The diverse range of data types and formats.

Velocity.

Velocity.

The speed at which data is created, processed and analysed.

Look out for these key words throughout today's lesson.

Today's lesson is broken down into two parts.

We'll start by defining the term big data, and then we'll move on to explain the challenges associated with big data.

Let's make a start by defining the term big data.

Can you think of any examples of data? Maybe pause the video whilst you have a quick think.

Did you think of some examples of data? Let's share some now.

So we could have purchases, location, mouse movements, search history, content you've streamed or downloaded, which adverts you've watched or clicked, demographic information, for example, age, gender, job, computer characteristics, so browser type, battery life, screen size, banking details, conversations, contact details, and medical records.

These are just some examples.

I'm sure you thought of some others too.

Big data is defined as large data sets that are analysed in order to identify patterns and trends, often used by organisations to better understand their customers.

Big data is a term used to cover all data that cannot be handled using traditional processing methods and systems. Big data is different from other data sets, because it has the following set of characteristics.

Volume, the capacity required to store the data exceeds a single server.

Variety, the data is very diverse.

Data can appear in different types.

For example, text, video, images.

And in different forms, structured, unstructured and semi-structured.

We're going to look at those in a bit more detail later on in the lesson.

Velocity.

The data is produced and/or processed at very high speed.

In other words, big data refers to enormous quantities of data that is generated and captured at breakneck speed, and most of it is unstructured.

Sam says, "I can't imagine all that data." Sofia says, "Think about social media platforms. They deal with millions of photos, messages, posts, and videos streamed by their users every single minute." That's a really good example there from Sofia.

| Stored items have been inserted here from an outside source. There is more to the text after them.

(* Let $d\ge 2$, $\xi>0$, and let $\sigma:\xi\mathbb{Z}^d\to\mathbb{R}$ be a generalized mass configuration. Let $R>0$ be such that $\operatorname{supp}\sigma\subset \hat B_R:=B(0,R)\cap\xi\mathbb{Z}^d$, and let $x_1,x_2,x_3,\ldots$ be an infinitely covering sequence of $\hat B_R$. For each $k\ge1$ let $\sigma_k:=T_{x_k}T_{x_{k-1}}\cdots T_{x_1}\sigma$ be the configuration obtained from $\sigma$ after toppling the points $x_1,\ldots,x_k$ in this order, and let $u_k$ be the corresponding $k$th odometer function. Then there exist a generalized mass configuration $\nu$ on $\xi\mathbb{Z}^d$ and a function $u:\xi\mathbb{Z}^d\to\mathbb{R}_+$ such that $\sigma_k(x)\to\nu(x)$ and $u_k(x)\nearrow u(x)$ for every $x\in\xi\mathbb{Z}^d$ as $k\to\infty$. Moreover, writing $\nu=\nu_+-\nu_-$ with $\nu_+=\max(\nu,0)$, $\nu_-=-\min(\nu,0)$, we have $\operatorname{supp}\nu_+\subset\partial\hat B_R$ and $\operatorname{supp}\nu_-\subset\operatorname{supp}\sigma_-$, so that $\nu\ge0$ on $\partial\hat B_R$ and $\nu\le 0$ on $\hat B_R$.
   Context: A generalized mass configuration on $\xi\mathbb{Z}^d$ is a bounded function $\sigma:\xi\mathbb{Z}^d\to\mathbb{R}$ with finite support; $\sigma_+=\max(\sigma,0)$, $\sigma_-=-\min(\sigma,0)$, and $\operatorname{supp}\sigma=\operatorname{supp}\sigma_+\cup\operatorname{supp}\sigma_-$. For $y,y'\in\xi\mathbb{Z}^d$, $y'\sim y$ means $y'$ is one of the $2d$ lattice neighbours of $y$ at distance $\xi$. The discrete Laplacian is $\Delta f(y)=\frac{1}{2d\xi^2}\sum_{y'\sim y}(f(y')-f(y))$. For $x\in\xi\mathbb{Z}^d$ and a configuration $\eta$, the toppling of $\eta$ at $x$ is $T_x\eta(y):=\eta(y)+\eta_+(x)\,\xi^2\,\Delta\delta_x(y)$, where $\delta_x$ is the discrete delta function at $x$; i.e. if $\eta(x)>0$ the mass $\eta(x)$ is removed from $x$ and $\eta(x)/(2d)$ is added to each neighbour of $x$, and otherwise nothing changes. An infinitely covering sequence of a set $S\subset\xi\mathbb{Z}^d$ is a sequence of points of $S$ in which every point of $S$ appears infinitely often. The $k$th odometer function is $u_k(x):=\xi^2\sum_{1\le j\le k,\ x_j=x}(\sigma_{j-1})_+(x)$ (with $\sigma_0=\sigma$), i.e. $\xi^2$ times the total mass emitted from $x$ during the first $k$ topplings. For $S\subset\xi\mathbb{Z}^d$, the outer boundary is $\partial S:=\{y\notin S:\exists\, y'\in S \text{ with } y\sim y'\}$. $B(a,r)$ denotes the open Euclidean ball in $\mathbb{R}^d$. *)

From HB Require Import structures.
From mathcomp Require Import all_boot all_order all_algebra.
From mathcomp Require Import all_classical all_reals all_analysis.
Set Implicit Arguments. Unset Strict Implicit. Unset Printing Implicit Defensive.
Import Order.TTheory GRing.Theory Num.Theory.
Local Open Scope ring_scope.

(* A point of xi Z^d is represented by its integer coordinates z : 'I_d -> int;
   the actual point is xi * z. *)
Definition pt (d : nat) := {ffun 'I_d -> int}.

Definition shift d (y : pt d) (i : 'I_d) (s : int) : pt d :=
  [ffun j => y j + (if j == i then s else 0)].

Definition adj d (y' y : pt d) : Prop :=
  exists i : 'I_d, y' = shift y i 1 \/ y' = shift y i (-1).

Section Defs.
Variable R : realType.

Definition posp (a : R) : R := Num.max a 0.
Definition negp (a : R) : R := - Num.min a 0.

Definition gen_mass_config d (s : pt d -> R) : Prop :=
  (exists M : R, forall y, `|s y| <= M) /\
  (exists S : seq (pt d), forall y, y \notin S -> s y = 0).

Definition ddelta d (x : pt d) : pt d -> R := fun y => if y == x then 1 else 0.

Definition dlap d (xi : R) (f : pt d -> R) (y : pt d) : R :=
  (2 * d%:R * xi ^+ 2)^-1 *
  \sum_(i < d) ((f (shift y i 1) - f y) + (f (shift y i (-1)) - f y)).

Definition topple d (xi : R) (x : pt d) (eta : pt d -> R) : pt d -> R :=
  fun y => eta y + posp (eta x) * xi ^+ 2 * dlap xi (ddelta x) y.

(* sigma_k = T_{x_k} ... T_{x_1} sigma  (sequence indexed from 1) *)
Fixpoint topseq d (xi : R) (x : nat -> pt d) (sigma : pt d -> R) (k : nat)
  : pt d -> R :=
  match k with
  | 0 => sigma
  | k'.+1 => topple xi (x k'.+1) (topseq xi x sigma k')
  end.

Definition odometer d (xi : R) (x : nat -> pt d) (sigma : pt d -> R) (k : nat)
  (y : pt d) : R :=
  xi ^+ 2 * \sum_(1 <= j < k.+1 | x j == y) posp (topseq xi x sigma j.-1 y).

Definition in_ball d (xi rad : R) (y : pt d) : Prop :=
  Num.sqrt (\sum_(i < d) (xi * (y i)%:~R) ^+ 2) < rad.

Definition outer_boundary d (S : pt d -> Prop) (y : pt d) : Prop :=
  ~ S y /\ exists y', S y' /\ adj y y'.

(* infinitely covering sequence (indexed from 1) of S *)
Definition inf_covering d (S : pt d -> Prop) (x : nat -> pt d) : Prop :=
  (forall k, (1 <= k)%N -> S (x k)) /\
  (forall y, S y -> forall N : nat, exists k, (N <= k)%N /\ (1 <= k)%N /\ x k = y).

End Defs.

From Pilot Require Import Defs.
From HB Require Import structures.
From mathcomp Require Import all_boot all_order all_algebra.
From mathcomp Require Import all_classical all_reals all_analysis.
From mathcomp Require Import zify ring lra.
Import Order.TTheory GRing.Theory Num.Theory.
Import numFieldNormedType.Exports.
Local Open Scope classical_set_scope.
Local Open Scope ring_scope.

Local Notation shift := Pilot.Defs.shift.

(* The odometers are nondecreasing, so everything hinges on a uniform bound on the total
   mass emitted by the topplings.  All topplings happen in the ball, so they only move mass
   inside a fixed finite box S.  There a toppling at x conserves the total mass, does not
   increase the total positive mass, and raises the second moment sum_S |y|^2 eta(y) by
   exactly the emitted mass, because the second differences of |y|^2 are constant.  Since
   the second moment is at most (sum_S |y|^2) times the positive mass, the emitted mass is
   bounded.  Hence u_k converges to some u, and sigma_k = sigma + Delta u_k converges to
   nu = sigma + Delta u.  A point of the ball is toppled infinitely often, each time ending
   nonpositive, so nu <= 0 there; nonnegative sites stay nonnegative; and sites neither in
   the ball nor adjacent to it never receive mass. *)

Section Lattice.
Context {d : nat}.
Implicit Types (x y : pt d) (i : 'I_d) (s : int).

Humans aren't the only ones creating data.

Internet of Things, or IoT devices, like smart thermostats or security cameras also collect lots of data using sensors.

These devices are used in places like smart homes, traffic systems, farms and weather stations.

They collect and send data all the time, which needs to be stored and processed quickly.

For example, a home security camera constantly checks for movement and sends alert to your phone when it sees something.

Time to check your understanding.

Which of the following are the three main characteristics of big data? A, speed, safety, source, B, volume, velocity, variety, C, storage, structure, scale, or D, value, viewing, verification.

Pause the video whilst you think about your answer.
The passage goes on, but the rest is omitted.